- [MATERIALS PROVIDED]
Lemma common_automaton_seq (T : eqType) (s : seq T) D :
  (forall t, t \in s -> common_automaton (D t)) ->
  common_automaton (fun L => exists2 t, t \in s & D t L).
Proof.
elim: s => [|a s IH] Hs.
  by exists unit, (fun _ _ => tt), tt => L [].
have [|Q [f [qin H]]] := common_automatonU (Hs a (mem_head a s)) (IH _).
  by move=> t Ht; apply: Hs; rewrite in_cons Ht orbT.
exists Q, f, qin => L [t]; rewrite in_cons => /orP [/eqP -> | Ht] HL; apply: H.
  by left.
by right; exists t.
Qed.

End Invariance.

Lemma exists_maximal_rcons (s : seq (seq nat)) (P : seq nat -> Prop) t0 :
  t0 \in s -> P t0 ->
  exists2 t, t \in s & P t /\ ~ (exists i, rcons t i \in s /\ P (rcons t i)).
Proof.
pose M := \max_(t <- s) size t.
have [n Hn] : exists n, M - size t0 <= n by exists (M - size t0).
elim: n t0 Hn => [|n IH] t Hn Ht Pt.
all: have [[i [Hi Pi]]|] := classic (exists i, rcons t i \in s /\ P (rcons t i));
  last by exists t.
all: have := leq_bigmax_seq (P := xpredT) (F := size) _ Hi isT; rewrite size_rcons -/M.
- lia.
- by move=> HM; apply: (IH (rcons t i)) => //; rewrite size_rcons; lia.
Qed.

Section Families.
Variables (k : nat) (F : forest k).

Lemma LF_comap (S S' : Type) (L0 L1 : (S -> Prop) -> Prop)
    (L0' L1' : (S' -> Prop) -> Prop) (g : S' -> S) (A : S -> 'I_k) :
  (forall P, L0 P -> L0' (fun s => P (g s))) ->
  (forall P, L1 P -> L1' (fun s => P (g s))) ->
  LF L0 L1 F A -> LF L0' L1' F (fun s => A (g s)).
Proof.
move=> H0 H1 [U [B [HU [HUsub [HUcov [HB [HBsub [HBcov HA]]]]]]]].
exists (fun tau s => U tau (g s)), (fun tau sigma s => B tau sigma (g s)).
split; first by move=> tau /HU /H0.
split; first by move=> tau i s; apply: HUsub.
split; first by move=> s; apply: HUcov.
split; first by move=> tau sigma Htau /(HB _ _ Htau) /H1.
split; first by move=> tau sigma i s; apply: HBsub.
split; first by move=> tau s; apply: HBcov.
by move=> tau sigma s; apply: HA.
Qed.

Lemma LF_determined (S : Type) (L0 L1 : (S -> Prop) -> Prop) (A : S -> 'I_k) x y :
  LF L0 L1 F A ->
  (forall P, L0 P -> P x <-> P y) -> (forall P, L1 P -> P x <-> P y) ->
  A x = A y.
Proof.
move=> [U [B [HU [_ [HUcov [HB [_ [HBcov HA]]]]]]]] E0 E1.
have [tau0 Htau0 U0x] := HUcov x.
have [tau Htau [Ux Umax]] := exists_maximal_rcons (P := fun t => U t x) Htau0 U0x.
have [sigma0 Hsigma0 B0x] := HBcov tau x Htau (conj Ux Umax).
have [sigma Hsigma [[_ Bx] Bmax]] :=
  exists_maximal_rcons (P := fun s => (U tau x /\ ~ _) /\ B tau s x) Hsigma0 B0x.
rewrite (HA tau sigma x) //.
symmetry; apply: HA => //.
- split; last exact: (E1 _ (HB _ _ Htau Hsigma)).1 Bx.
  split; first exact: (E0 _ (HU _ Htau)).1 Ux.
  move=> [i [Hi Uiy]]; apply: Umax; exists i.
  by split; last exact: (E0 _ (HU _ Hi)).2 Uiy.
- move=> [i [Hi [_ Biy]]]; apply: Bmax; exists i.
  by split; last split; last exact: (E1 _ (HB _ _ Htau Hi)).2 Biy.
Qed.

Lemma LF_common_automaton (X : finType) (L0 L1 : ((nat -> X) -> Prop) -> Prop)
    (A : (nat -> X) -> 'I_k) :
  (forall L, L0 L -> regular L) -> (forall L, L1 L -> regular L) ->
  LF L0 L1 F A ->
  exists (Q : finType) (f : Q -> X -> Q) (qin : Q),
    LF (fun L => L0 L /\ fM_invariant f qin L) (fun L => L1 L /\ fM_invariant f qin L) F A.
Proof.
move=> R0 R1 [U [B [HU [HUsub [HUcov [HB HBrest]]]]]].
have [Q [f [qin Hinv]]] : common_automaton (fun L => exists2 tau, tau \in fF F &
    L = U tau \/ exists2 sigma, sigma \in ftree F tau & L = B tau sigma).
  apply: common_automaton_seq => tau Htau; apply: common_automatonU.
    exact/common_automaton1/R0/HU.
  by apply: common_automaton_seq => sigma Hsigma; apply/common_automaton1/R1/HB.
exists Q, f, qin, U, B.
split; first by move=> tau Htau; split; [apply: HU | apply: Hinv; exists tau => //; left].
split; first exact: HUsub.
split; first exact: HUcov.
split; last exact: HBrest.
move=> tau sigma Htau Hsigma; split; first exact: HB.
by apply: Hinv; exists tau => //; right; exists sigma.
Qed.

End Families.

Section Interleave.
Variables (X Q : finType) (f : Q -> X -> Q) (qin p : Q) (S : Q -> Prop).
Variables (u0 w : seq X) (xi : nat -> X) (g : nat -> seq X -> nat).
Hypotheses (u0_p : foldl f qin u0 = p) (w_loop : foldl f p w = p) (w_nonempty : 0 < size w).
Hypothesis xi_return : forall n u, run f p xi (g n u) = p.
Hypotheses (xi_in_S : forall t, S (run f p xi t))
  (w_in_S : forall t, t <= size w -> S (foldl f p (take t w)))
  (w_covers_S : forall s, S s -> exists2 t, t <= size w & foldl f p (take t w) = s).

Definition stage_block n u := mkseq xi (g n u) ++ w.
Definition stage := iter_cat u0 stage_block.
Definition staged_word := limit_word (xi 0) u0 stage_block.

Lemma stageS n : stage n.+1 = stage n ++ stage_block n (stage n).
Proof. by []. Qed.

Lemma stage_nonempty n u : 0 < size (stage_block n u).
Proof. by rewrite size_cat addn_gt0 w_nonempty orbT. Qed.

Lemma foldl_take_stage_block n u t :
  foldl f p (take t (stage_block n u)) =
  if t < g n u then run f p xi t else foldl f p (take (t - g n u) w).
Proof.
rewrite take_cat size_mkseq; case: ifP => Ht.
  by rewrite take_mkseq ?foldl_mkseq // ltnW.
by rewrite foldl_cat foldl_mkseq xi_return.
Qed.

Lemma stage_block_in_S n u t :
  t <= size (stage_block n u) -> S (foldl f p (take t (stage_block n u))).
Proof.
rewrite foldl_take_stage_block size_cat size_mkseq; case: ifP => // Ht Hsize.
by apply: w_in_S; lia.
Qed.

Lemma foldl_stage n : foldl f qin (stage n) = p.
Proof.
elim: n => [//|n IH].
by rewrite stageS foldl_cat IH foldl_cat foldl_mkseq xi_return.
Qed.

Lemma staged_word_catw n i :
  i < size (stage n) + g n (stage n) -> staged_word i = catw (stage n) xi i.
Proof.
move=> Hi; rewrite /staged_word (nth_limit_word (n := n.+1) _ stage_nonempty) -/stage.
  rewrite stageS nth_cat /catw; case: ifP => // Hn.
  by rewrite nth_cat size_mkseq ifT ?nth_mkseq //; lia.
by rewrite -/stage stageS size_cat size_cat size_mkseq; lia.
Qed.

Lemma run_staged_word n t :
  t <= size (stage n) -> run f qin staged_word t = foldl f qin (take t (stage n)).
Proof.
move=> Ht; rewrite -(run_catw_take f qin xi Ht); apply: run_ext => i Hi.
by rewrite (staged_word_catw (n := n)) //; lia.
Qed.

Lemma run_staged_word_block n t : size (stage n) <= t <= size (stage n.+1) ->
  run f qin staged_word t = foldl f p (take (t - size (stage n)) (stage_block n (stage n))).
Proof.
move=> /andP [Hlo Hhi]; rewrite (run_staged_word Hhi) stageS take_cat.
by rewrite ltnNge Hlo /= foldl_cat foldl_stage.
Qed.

- [AIM OF THE EXERCISE] Look through the entries above, find each line containing "stageS", and copy it.

- [ANSWER SPACE]
Lemma stageS n : stage n.+1 = stage n ++ stage_block n (stage n).
by rewrite stageS foldl_cat IH foldl_cat foldl_mkseq xi_return.
  rewrite stageS nth_cat /catw; case: ifP => // Hn.
by rewrite -/stage stageS size_cat size_cat size_mkseq; lia.
move=> /andP [Hlo Hhi]; rewrite (run_staged_word Hhi) stageS take_cat.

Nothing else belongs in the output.